Content starts

(* Let $n\ge 4$ with $n\equiv 2\pmod 6$, and let $G=P_4\cup P_{n-4}$ (disjoint union of a path on $4$ vertices and a path on $n-4$ vertices). Then $\operatorname{rank}(A_G+I_n)=\operatorname{rank}(A_{\overline G}+I_n)=n$.
   Context: All graphs are simple. $P_m$ is the path on $m$ vertices and $\cup$ denotes disjoint union of graphs. $A_G$ denotes the $n\times n$ adjacency matrix of $G$, $\overline{G}$ the complement of $G$, $I_n$ the identity matrix, and rank is over $\mathbb{R}$. *)

From HB Require Import structures.
From mathcomp Require Import all_boot all_order all_algebra.
Set Implicit Arguments. Unset Strict Implicit. Unset Printing Implicit Defensive.
Import Order.TTheory GRing.Theory Num.Theory.
Local Open Scope ring_scope.

Definition path_adj (R : pzRingType) (m : nat) : 'M[R]_m :=
  \matrix_(i < m, j < m) (if (i.+1 == j :> nat) || (j.+1 == i :> nat) then 1 else 0).

Definition disj_union_adj (R : pzRingType) (m1 m2 : nat)
  (A1 : 'M[R]_m1) (A2 : 'M[R]_m2) : 'M[R]_(m1 + m2) :=
  block_mx A1 0 0 A2.

(* Adjacency matrix of the complement of the simple graph with adjacency
   (0/1, symmetric, zero-diagonal) matrix A. *)
Definition compl_adj (R : pzRingType) (n : nat) (A : 'M[R]_n) : 'M[R]_n :=
  \matrix_(i < n, j < n) (if i == j then 0 else 1 - A i j).

(* A kernel vector x of A(P_k) + I satisfies x_(j-1) + x_j + x_(j+1) = 0 with
   zero boundary values, so it is 3-periodic and vanishes unless k = 2 (mod 3).
   For the complement, A(Gbar) + I = J - A(G), so a kernel vector satisfies
   x A(G) = s 1, where s is the sum of the entries of x; on a path this reads
   x_(j-1) + x_(j+1) = s, whose solutions are 4-periodic.  Summing these
   equations along an even path P_k shows that twice the sum of its entries is
   s times k rounded up to a multiple of 4; adding the two paths gives 2s = 4cs
   for a natural number c, so s = 0 in characteristic 0, and then x = 0.
   When n = 2 (mod 6), both n - 4 = 1 (mod 3) and n even hold. *)

From HB Require Import structures.
From mathcomp Require Import all_boot all_order all_algebra.
From mathcomp Require Import zify.
Import Order.TTheory GRing.Theory Num.Theory.
Local Open Scope ring_scope.

Section ThreeTermRecurrence.
Context {V : zmodType} {u : nat -> V} {k : nat}.
Hypothesis u_rec : forall j, (j < k)%N -> u j + u j.+1 + u j.+2 = 0.

Lemma three_term_mod i : (i <= k.+1)%N -> u i = u (i %% 3).
Proof.
elim/ltn_ind: i => -[|[|[|j]]] // IHj hj.
have e1 := u_rec j ltac:(lia); have e2 := u_rec j.+1 ltac:(lia).
rewrite -addrA in e1; rewrite addrC in e2.
rewrite (addIr _ (etrans e2 (esym e1))) -addn3 modnDr.
by apply: IHj; lia.
Qed.

Hypotheses (u0 : u 0 = 0) (uk : u k.+1 = 0).

Lemma three_term_eq0 : (k %% 3 != 2)%N -> forall i, (i <= k.+1)%N -> u i = 0.
Proof.
move=> hk.
have u2 : (0 < k)%N -> u 2 = - u 1.
  move=> /u_rec; rewrite u0 add0r => /eqP.
  by rewrite addrC addr_eq0 => /eqP.
have u1 : u 1 = 0.
  case: (posnP k) => [k0 | /u2 {}u2]; first by rewrite -uk k0.
  have [e|e] : (k.+1 %% 3 = 1 \/ k.+1 %% 3 = 2)%N by lia.
    by rewrite -uk (three_term_mod k.+1) // e.
  by apply: oppr_inj; rewrite oppr0 -u2 -uk (three_term_mod k.+1) // e.
move=> i hi; rewrite three_term_mod //.
have [->|[->|e]] : (i %% 3 = 0 \/ i %% 3 = 1 \/ i %% 3 = 2)%N by lia.
- exact: u0.
- exact: u1.
- by rewrite e u2 ?u1 ?oppr0 //; lia.
Qed.
End ThreeTermRecurrence.

Section TwoStepRecurrence.
Context {V : zmodType} {u : nat -> V} {k : nat} {s : V}.
Hypothesis u_rec : forall j, (j < k)%N -> u j + u j.+2 = s.

Lemma two_step_mod i : (i <= k.+1)%N -> u i = u (i %% 4).
Proof.
elim/ltn_ind: i => -[|[|[|[|j]]]] // IHj hj.
have e1 := u_rec j ltac:(lia); have e2 := u_rec j.+2 ltac:(lia).
rewrite addrC in e2.
rewrite (addIr _ (etrans e2 (esym e1))) -addn4 modnDr.
by apply: IHj; lia.
Qed.

Hypotheses (u0 : u 0 = 0) (uk : u k.+1 = 0).

Lemma sum_two_step : (\sum_(i < k) u i.+1) *+ 2 = s *+ k + u 1 + u k.
Proof.
case: k u_rec uk => [|k'] rec uk'; first by rewrite big_ord0 uk' u0 mul0rn mulr0n !addr0.
set S := \sum_(i < k'.+1) u i.+1.
have lo : \sum_(j < k'.+1) u j = S - u k'.+1.
  by rewrite big_ord_recl /= u0 add0r /S big_ord_recr addrK.
have hi : \sum_(j < k'.+1) u j.+2 = S - u 1.
  by rewrite big_ord_recr /= uk' addr0 /S big_ord_recl addrC addKr.
have : \sum_(j < k'.+1) (u j + u j.+2) = s *+ k'.+1.
  by rewrite (eq_bigr (fun=> s)) ?sumr_const ?card_ord // => j _; apply: rec.
rewrite big_split lo hi => <-.
by rewrite -(addrA _ (S - u 1)) subrK addrAC subrK mulr2n.
Qed.

Hypothesis k_even : ~~ odd k.

Lemma two_step_last : u k = s *+ (k %% 4 == 2)%N.
Proof.
rewrite two_step_mod //.
have [->|e] : (k %% 4 = 0 \/ k %% 4 = 2)%N by lia.
  by rewrite u0.
by rewrite e -(u_rec 0) ?u0 ?add0r //; lia.
Qed.

Lemma two_step_first : u 1 = u k.
Proof.
rewrite two_step_last.
have [e|e] : (k %% 4 = 0 \/ k %% 4 = 2)%N by lia.
  by rewrite e mulr0n -uk (two_step_mod k.+1) // -(addn1 k) -modnDml e.
rewrite e mulr1n -(u_rec k.-1); last by lia.
have -> : k.-1.+2 = k.+1 by lia.
rewrite uk addr0 (two_step_mod k.-1); last by lia.
by have -> : (k.-1 %% 4 = 1)%N by lia.
Qed.

Lemma sum_two_step_even : (\sum_(i < k) u i.+1) *+ 2 = s *+ (4 * ((k + 2) %/ 4)).
Proof.
rewrite sum_two_step two_step_first -addrA two_step_last -mulr2n -mulrnA -mulrnDr.
congr (_ *+ _); have [e|e] : (k %% 4 = 0 \/ k %% 4 = 2)%N by lia.
all: by rewrite e; lia.
Qed.

Lemma two_step_eq0 : s = 0 -> forall i, (i <= k.+1)%N -> u i = 0.
Proof.
move=> s0 i hi; rewrite two_step_mod //.
have u1 : u 1 = 0 by rewrite two_step_first two_step_last s0 mul0rn.
have [->|[->|[e|e]]] : (i %% 4 = 0 \/ i %% 4 = 1 \/ i %% 4 = 2 \/ i %% 4 = 3)%N by lia.
- exact: u0.
- exact: u1.
- by rewrite e -s0 -(u_rec 0) ?u0 ?add0r //; lia.
- by rewrite e; have := u_rec 1 ltac:(lia); rewrite u1 add0r s0.
Qed.
End TwoStepRecurrence.

Section PathAdjacency.
Context {F : fieldType}.

(* [pad x] is the sequence 0, x_0, ..., x_(k-1), 0, 0, ...: with the shift by one,
   both ends of the path get the same zero boundary condition. *)
Definition pad {k} (x : 'rV[F]_k) (t : nat) : F :=
  if t is t'.+1 then oapp (x 0) 0 (insub t') else 0.

Lemma pad_ord {k} (x : 'rV[F]_k) (i : 'I_k) : pad x i.+1 = x 0 i.
Proof. by rewrite /= valK. Qed.

Lemma pad_out {k} (x : 'rV[F]_k) t : (k < t)%N -> pad x t = 0.
Proof. by case: t => // t lt_kt; rewrite /= insubN // -leqNgt. Qed.

Lemma sum_pad k (x : 'rV[F]_k) t :
  \sum_(i < k) (if i.+1 == t then x 0 i else 0) = pad x t.
Proof.
case: t => [|t]; first by rewrite big1.
have [lt_tk | le_kt] := ltnP t k; last first.
  rewrite pad_out // big1 // => i _; case: eqP => // [[ei]].
  by move: (ltn_ord i); rewrite ei ltnNge le_kt.
rewrite (pad_ord x (Ordinal lt_tk)) (bigD1 (Ordinal lt_tk)) //= eqxx big1 ?addr0 //.
by move=> i neq_it; case: eqP => // [[ei]]; case/eqP: neq_it; apply: val_inj.
Qed.

Lemma path_adj_mulmx k (x : 'rV[F]_k) (j : 'I_k) :
  (x *m path_adj F k) 0 j = pad x j + pad x j.+2.
Proof.
rewrite !mxE -!sum_pad -big_split; apply: eq_bigr => i _.
rewrite mxE eqSS [_.+1 == i]eq_sym.
case: (i.+1 =P j) => [e|_]; case: (nat_of_ord i =P j.+1) => [e'|_] /=;
  rewrite ?mulr1 ?mulr0 ?addr0 ?add0r //; lia.
Qed.

Lemma path_adj_add1_eq0 k (x : 'rV[F]_k) :
  (k %% 3 != 2)%N -> x *m (path_adj F k + 1%:M) = 0 -> x = 0.
Proof.
move=> hk hx.
have rec j : (j < k)%N -> pad x j + pad x j.+1 + pad x j.+2 = 0.
  move=> lt_jk; move/rowP/(_ (Ordinal lt_jk)): hx.
  by rewrite mulmxDr mulmx1 [LHS]mxE path_adj_mulmx -(pad_ord x) mxE addrAC.
apply/rowP => i; rewrite mxE -pad_ord.
by apply: (three_term_eq0 rec) => //; [apply: pad_out | apply: leqW].
Qed.

Lemma rank_path_adj_add1 k : (k %% 3 != 2)%N -> \rank (path_adj F k + 1%:M)%R = k.
Proof. by move=> hk; apply/eqP/inj_row_free => x; apply: path_adj_add1_eq0. Qed.

Lemma path_adj_diag k (i : 'I_k) : path_adj F k i i = 0.
Proof. by rewrite mxE gtn_eqF. Qed.

Section EvenPath.
Context {k : nat} {x : 'rV[F]_k} {s : F}.
Hypotheses (k_even : ~~ odd k) (hx : x *m path_adj F k = const_mx s).

Lemma path_adj_const_rec j : (j < k)%N -> pad x j + pad x j.+2 = s.
Proof.
move=> lt_jk; have := congr1 (fun M : 'rV_k => M 0 (Ordinal lt_jk)) hx.
by rewrite path_adj_mulmx mxE.
Qed.

Lemma sum_path_adj_const : (\sum_i x 0 i) *+ 2 = s *+ (4 * ((k + 2) %/ 4)).
Proof.
rewrite (eq_bigr (fun i : 'I_k => pad x i.+1)) => [|i _]; last by rewrite pad_ord.
exact: (sum_two_step_even path_adj_const_rec erefl (pad_out x _ (ltnSn k)) k_even).
Qed.

Lemma path_adj_const0 : s = 0 -> x = 0.
Proof.
move=> s0; apply/rowP => i; rewrite mxE -pad_ord.
by apply: (two_step_eq0 path_adj_const_rec) => //; [apply: pad_out | apply: leqW].
Qed.
End EvenPath.
End PathAdjacency.

Section DisjointUnion.
Context {F : fieldType}.

Lemma disj_union_adj_add1 m1 m2 (A1 : 'M[F]_m1) (A2 : 'M[F]_m2) :
  disj_union_adj A1 A2 + 1%:M = disj_union_adj (A1 + 1%:M) (A2 + 1%:M).
Proof. by rewrite /disj_union_adj [1%:M]scalar_mx_block add_block_mx !addr0. Qed.

Lemma rank_disj_union_adj m1 m2 (A1 : 'M[F]_m1) (A2 : 'M[F]_m2) :
  \rank (disj_union_adj A1 A2) = (\rank A1 + \rank A2)%N.
Proof. exact: rank_diag_block_mx. Qed.

Lemma disj_union_adj_diag m1 m2 (A1 : 'M[F]_m1) (A2 : 'M[F]_m2) :
  (forall i, A1 i i = 0) -> (forall i, A2 i i = 0) ->
  forall i, disj_union_adj A1 A2 i i = 0.
Proof.
move=> A1_0 A2_0 i; rewrite /disj_union_adj -(splitK i).
by case: (split i) => j; rewrite /= ?block_mxEul ?block_mxEdr.
Qed.

Lemma compl_adj_add1 n (A : 'M[F]_n) :
  (forall i, A i i = 0) -> compl_adj A + 1%:M = const_mx 1 - A.
Proof.
move=> A0; apply/matrixP => i j; rewrite !mxE.
by case: (i =P j) => [->|_]; rewrite ?A0 ?subr0 ?add0r ?addr0.
Qed.

Lemma mulmx_const1 n p (v : 'rV[F]_n) :
  v *m (const_mx 1 : 'M_(n, p)) = const_mx (\sum_i v 0 i).
Proof. by apply/rowP => j; rewrite !mxE; apply: eq_bigr => i _; rewrite mxE mulr1. Qed.
End DisjointUnion.

Lemma rank_compl_even_paths (R : numFieldType) k1 k2 :
  ~~ odd k1 -> ~~ odd k2 ->
  \rank (const_mx 1 - disj_union_adj (path_adj R k1) (path_adj R k2))%R = (k1 + k2)%N.
Proof.
move=> k1_even k2_even; apply/eqP/inj_row_free => v.
set s := \sum_i v 0 i.
rewrite mulmxBr mulmx_const1 -/s => /eqP; rewrite subr_eq0 eq_sym => /eqP.
rewrite -[v in v *m _]hsubmxK mul_row_block !mulmx0 addr0 add0r -row_mx_const.
case/eq_row_mx => h1 h2.
have s_split : s = \sum_i lsubmx v 0 i + \sum_i rsubmx v 0 i.
  by rewrite /s big_split_ord; congr (_ + _); apply: eq_bigr => i _; rewrite mxE.
have s0 : s = 0.
  apply/eqP; apply: contraT => nz_s.
  have : s *+ 2 = s *+ (4 * ((k1 + 2) %/ 4) + 4 * ((k2 + 2) %/ 4)).
    by rewrite {1}s_split mulrnDl mulrnDr; congr (_ + _); exact: sum_path_adj_const.
  by move/(mulrIn nz_s); lia.
rewrite s0 in h1 h2.
by rewrite -[v]hsubmxK (path_adj_const0 k1_even h1) ?(path_adj_const0 k2_even h2) ?row_mx0.
Qed.

Theorem proposition5p7 (R : realFieldType) (m : nat) :
  (4 + m = 2 %[mod 6])%N ->
  let A := disj_union_adj (path_adj R 4) (path_adj R m) in
  \rank ((A + 1%:M)%R) = (4 + m)%N /\ \rank ((compl_adj A + 1%:M)%R) = (4 + m)%N.
Proof.
move=> hm A; split.
  by rewrite disj_union_adj_add1 rank_disj_union_adj !rank_path_adj_add1 //; lia.
rewrite compl_adj_add1; last by apply: disj_union_adj_diag; apply: path_adj_diag.
by rewrite rank_compl_even_paths //; lia.
Qed.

Content ends

## [Problem]
Among the records above, only the lines between the line holding "Lemma disj_union_adj_diag m1" and the line holding "Proof. by apply/rowP", inclusive, are to be output, exactly as written.

## [Solution to the exercise]
Lemma disj_union_adj_diag m1 m2 (A1 : 'M[F]_m1) (A2 : 'M[F]_m2) :
  (forall i, A1 i i = 0) -> (forall i, A2 i i = 0) ->
  forall i, disj_union_adj A1 A2 i i = 0.
Proof.
move=> A1_0 A2_0 i; rewrite /disj_union_adj -(splitK i).
by case: (split i) => j; rewrite /= ?block_mxEul ?block_mxEdr.
Qed.

Lemma compl_adj_add1 n (A : 'M[F]_n) :
  (forall i, A i i = 0) -> compl_adj A + 1%:M = const_mx 1 - A.
Proof.
move=> A0; apply/matrixP => i j; rewrite !mxE.
by case: (i =P j) => [->|_]; rewrite ?A0 ?subr0 ?add0r ?addr0.
Qed.

Lemma mulmx_const1 n p (v : 'rV[F]_n) :
  v *m (const_mx 1 : 'M_(n, p)) = const_mx (\sum_i v 0 i).
Proof. by apply/rowP => j; rewrite !mxE; apply: eq_bigr => i _; rewrite mxE mulr1. Qed.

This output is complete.